William Morgan is about to bust the biggest drug boss in California, Silas Botwin, who's been in the business for fifteen years, since his teens. But Morgan doesn't know what he's getting into.

He wakes up tied to a wooden chair, in a concrete room. There are boxes all around him, and he thinks they're probably filled with pot. After all, the biggest dealer in northern California must have a pretty big stash sitting around, ready to be shipped out.

To be honest, Will is pretty surprised he's been allowed to live this long. Silas Botwin has a rep for being more tolerant of law enforcement investigations than others, but Morgan just figures that was because the man was a freaking ghost. Sort of. He has credit cards and a birth certificate and everything, and a record from a few harmless incidents in his youth, but according to the official story, the man has cleaned up his act and become an upstanding citizen.

Y'know, except for the whole biggest-pot-dealer business.

William Morgan was a week away from busting Botwin big time. After a fifteen-year investigation, they finally have enough dirt on the man to put him away for the rest of his life, and half of his operation with him. Morgan has to admit; whoever Botwin has covering his tracks (and it can't be Botwin himself, because Silas' psych profile says he's reckless and sometimes careless) has done an excellent job. The DEA have had to bend the law in dubious ways multiple times just to get as far as they have.
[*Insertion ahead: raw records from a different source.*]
Lemma multinomial_sum_shift (r : nat) (A : 'I_b -> nat -> R) (i : 'I_b) :
  \sum_(t : {ffun 'I_b -> 'I_r.+2} |
          ((\sum_(j < b) (t j : nat))%N == r.+1) && (0 < t i)%N)
     (r`!)%:R / \prod_(j < b) ((t j - (j == i))`!)%:R * \prod_(j < b) A j (t j)
  = multinomial_sum r (fun j m => A j (m + (j == i))%N).
Proof.
pose up (t : {ffun 'I_b -> 'I_r.+1}) : {ffun 'I_b -> 'I_r.+2} :=
  [ffun j => inord (t j + (j == i))].
pose down (t : {ffun 'I_b -> 'I_r.+2}) : {ffun 'I_b -> 'I_r.+1} :=
  [ffun j => inord (t j - (j == i))].
have upE t j : (up t j : nat) = (t j + (j == i))%N.
  by rewrite ffunE inordK //; have := ltn_ord (t j); case: (j == i) => /=; lia.
have downK : cancel up down.
  by move=> t; apply/ffunP => j; apply/val_inj; rewrite ffunE /= upE addnK inordK.
rewrite (reindex_onto up down) => [|t /andP[/eqP sum_t t_i_gt0]]; last first.
  apply/ffunP => j; apply/val_inj; rewrite /= upE ffunE inordK; last first.
    have [->|ji] := eqVneq j i; first by rewrite subn1 -ltnS prednK.
    have : (t j + t i <= \sum_(l < b) t l)%N.
      by rewrite (bigD1 j) //= (bigD1 i) 1?eq_sym //= addnA leq_addr.
    by rewrite sum_t subn0 => le; apply: leq_trans le; rewrite -addn1 leq_add2l.
  by case: eqVneq => [->|] /=; [rewrite subn1 addn1 prednK | rewrite subn0 addn0].
apply: eq_big => [t | t _].
  rewrite downK eqxx andbT upE eqxx addn1 andbT.
  have sum_delta : (\sum_(j < b) (j == i))%N = 1%N.
    by rewrite (bigD1 i) //= eqxx big1 // => j /negbTE->.
  by rewrite (eq_bigr _ (fun j _ => upE t j)) big_split /= sum_delta addn1.
congr (_ / _ * _); apply: eq_bigr => j _; by rewrite upE ?addnK.
Qed.

Lemma multinomial_sumS (r : nat) (A : 'I_b -> nat -> R) :
  multinomial_sum r.+1 A =
  \sum_(i < b) multinomial_sum r (fun j m => A j (m + (j == i))%N).
Proof.
rewrite {1}/multinomial_sum.
under eq_bigr => t /eqP sum_t.
  rewrite (multinomial_coefS sum_t) big_distrl /=.
over.
rewrite (exchange_big_dep xpredT) //=; apply: eq_bigr => i _.
by rewrite -multinomial_sum_shift; apply: eq_bigl => t.
Qed.

End MultinomialSum.

Section Representations.

Variable V : zmodType.

Definition nreps (T : finType) (f : T -> V) (s : nat) (a : V) : nat :=
  #|[set x : {ffun 'I_s -> T} | \sum_(i < s) f (x i) == a]|.

Lemma nreps0 (T : finType) (f : T -> V) (a : V) : nreps f 0 a = (a == 0).
Proof.
rewrite /nreps; under eq_finset do rewrite big_ord0 eq_sym.
by case: (a == 0); rewrite ?cards0 // cardsT card_ffun card_ord.
Qed.

Lemma nrepsS (T : finType) (f : T -> V) (s : nat) (a : V) :
  nreps f s.+1 a = (\sum_(y : T) nreps f s (a - f y))%N.
Proof.
pose cons (yx : T * {ffun 'I_s -> T}) : {ffun 'I_s.+1 -> T} :=
  [ffun i => if unlift ord0 i is Some j then yx.2 j else yx.1].
have cons_bij : bijective cons.
  exists (fun x : {ffun 'I_s.+1 -> T} => (x ord0, [ffun j => x (lift ord0 j)])).
    move=> [y x].
    by rewrite /cons ffunE unlift_none; congr (_, _); apply/ffunP => j; rewrite !ffunE liftK.
  by move=> x; apply/ffunP => i; rewrite ffunE; case: unliftP => [j|] ->; rewrite ?ffunE.
rewrite /nreps -sum1_card (reindex cons) /=; last exact: onW_bij.
under [RHS]eq_bigr do rewrite -sum1_card.
rewrite pair_big_dep /=; apply: eq_bigl => -[y x] /=; rewrite !inE big_ord_recl.
rewrite ffunE unlift_none (eq_bigr (fun i => f (x i))) => [|i _]; last by rewrite ffunE liftK.
by rewrite [RHS]eq_sym subr_eq eq_sym addrC.
Qed.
And they still don't have him for pot dealing, just about a dozen other minor illegal things that add up to about fifty years in prison, by far long enough for his empire to crumble.

And then Will had been ambushed getting out of his car in front of his home. A bag thrown over his head, two people pickinghim up and putting him in a trunk, and then the car driving quietly away. It was pointless to struggle, because the lid wasn't going to pop open, but Morgan made as much noise as possible in the hopes that it would irritate his captors some.

And then something had happened, and he woke up in this warehouse. Or maybe it was a basement of some sort. Will can't see anything more than crates and shadows in the gloom. He is painfully aware of the duct tape keeping his wrists together behind the chair's back, and more tape holding his legs to the chair's.

A light flares on overhead, but they have thankfully skipped the bare-bulb cliche and gone with a standard covering. As his eyes adjust to the bright light, Morgan can see a figure approaching. Finally the light fades to normal intensity, and he sees that it is Silas Botwin himself. Will doesn't know exactly what is coming, but he's sure he's not going to like it.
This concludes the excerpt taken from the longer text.